Nella sentenza si precisa che il difetto della relativa sottoscrizione da parte dei succitati soggetti implica che il documento non contenga le caratteristiche per essere qualificato come PEF, mancando la fondamentale funzione di quest’ultimo, ossia consentire all’amministrazione di valutare la correttezza del criterio di allocazione dei rischi.
Il difetto di sottoscrizione implica la sostanziale mancanza del PEF, che non possiede dunque le caratteristiche per essere considerato tale.

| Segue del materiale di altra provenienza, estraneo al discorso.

Lemma density_upper_power_bound_dominated a : upper_power_bound n a -> dominated n w.
Proof.
case=> C C0 nC; have ln2 : 0 < ln (2 : R) by rewrite ln_gt0 // ltr1n.
exists (C * 2 `^ a / ln 2); first by rewrite divr_gt0 // mulr_gt0 // powR_gt0.
apply: (filterS2 _ _ (near_pinfty_divr (ltr0Sn _ 1) (nC 2 (ltr1n _ 2)))
  (nbhs_pinfty_gt (@real0 R))) => t nCt t0.
have t20 : 0 < t / 2 by rewrite divr_gt0.
have t2 : 2 * (t / 2) = t by rewrite mulrC divfK // pnatr_eq0.
have := nCt 2; rewrite ler1n lexx t2 => /(_ isT) n_t.
have := density_ln_le t20 (ler1n _ 2); rewrite t2 => n_t2.
rewrite mulrAC ler_pdivlMr //; apply: le_trans (ler_wpM2r (ltW ln2) n_t) _.
by rewrite -!mulrA !ler_pM2l ?powR_gt0.
Qed.

Lemma lower_power_bound_dominated b : 0 < b -> lower_power_bound w b -> dominated w n.
Proof.
move=> b0 [D D0 wD]; have [lam lam1 Dlam] := exists_gt1_powR_ge (ler0n _ 2) D0 b0.
have lam0 : 0 < lam := lt_trans ltr01 lam1.
exists (ln lam *+ 2); first by rewrite mulrn_wgt0 // ln_gt0.
apply: (filterS2 _ _ (near_pinfty_divr lam0 (wD lam lam1)) (nbhs_pinfty_gt (@real0 R))).
move=> t wDt t0; have tl0 : 0 < t / lam by rewrite divr_gt0.
have w_t : D * lam `^ b * w (t / lam) <= w t.
  by have := wDt lam; rewrite lexx ltW // [lam * _]mulrC divfK ?gt_eqF //; apply.
have := log_primitive_contract wn t0 (ltW lam1).
have : 2 * w (t / lam) <= D * lam `^ b * w (t / lam).
  by rewrite ler_wpM2r ?(log_primitive_ge0 wn).
rewrite -mulr_natr -mulrA mulr_natl; lra.
Qed.

Lemma log_primitive_le_density (lam y : R) : 1 < lam -> 0 < y ->
    (forall s, y <= s -> 2 * n s <= n (lam * s)) ->
  forall t, y <= t -> w t <= w (lam * y) + ln lam *+ 2 * n t.
Proof.
move=> lam1 y0 n_lam; have lam0 : 0 < lam := lt_trans ltr01 lam1.
have ln_lam : 0 <= ln lam by rewrite ln_ge0 // ltW.
have y_le l : 1 <= l -> y <= l * y by move=> l1; rewrite ler_peMl // ltW.
suff w_le l : 1 <= l -> w (l * y) <= w (lam * y) + ln lam *+ 2 * n (l * y).
  by move=> t yt; rewrite -(divfK (lt0r_neq0 y0) t) w_le // ler_pdivlMr // mul1r.
move: l; apply: (dilation_ind lam1) => [l /andP[l1 llam]|l l1 IH].
- have : w (l * y) <= w (lam * y).
    apply: log_primitive_homo; last by rewrite ler_pM2r.
    by rewrite mulr_gt0 // (lt_le_trans ltr01 l1).
  have : 0 <= ln lam *+ 2 * n (l * y) by rewrite mulr_ge0 ?mulrn_wge0 ?(density_ge0 wn).
  lra.
- have ly0 : 0 < l * y by rewrite mulr_gt0 // (lt_le_trans ltr01).
  have := log_primitive_contract wn (mulr_gt0 lam0 ly0) (ltW lam1).
  rewrite [lam * (l * y) / lam]mulrC mulKf ?gt_eqF // -mulrA.
  have := ler_wpM2l ln_lam (n_lam _ (y_le l l1)).
  rewrite -mulr_natr -mulrA mulr_natl in IH *; lra.
Qed.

La naturale conseguenza di tale affermazione è che la sua mancanza non può essere sanata mediante soccorso istruttorio, che per pacifica giurisprudenza consente di sanare qualunque elemento formale dell’offerta ma non di formare documenti nuovi, tale dovendo essere considerato un PEF che, non essendo sottoscritto entro il termine di presentazione delle offerte, implica una nuova valutazione dei rischi, determinando, quindi, la formazione di un documento ex novo oltre la scadenza dei termini, in violazione della par condicio competitorum e della segretezza dell’offerta tecnica. La sentenza rammenta, inoltre, come il PEF abbia la fondamentale funzione di garantire l’equilibrio economico e finanziario attraverso la corretta allocazione dei rischi, nonché di dimostrare la concreta capacità dell’operatore economico di eseguire correttamente la prestazione per l’intero arco temporale di durata del contratto, così da consentire all’amministrazione concedente di valutare l’adeguatezza dell’offerta e l’effettiva realizzabilità dell’oggetto della concessione (v. anche Cons. Stato, sez, V, 4760/2013), in altri termini la sostenibilità dell’offerta, a dimostrazione che l’impresa sia in condizione di trarre utili tali da consentire la gestione proficua dell’attività (v. anche Cons. Stato, sez. V, 653/2010 e Cons. Stato, sez. V, 795/2022).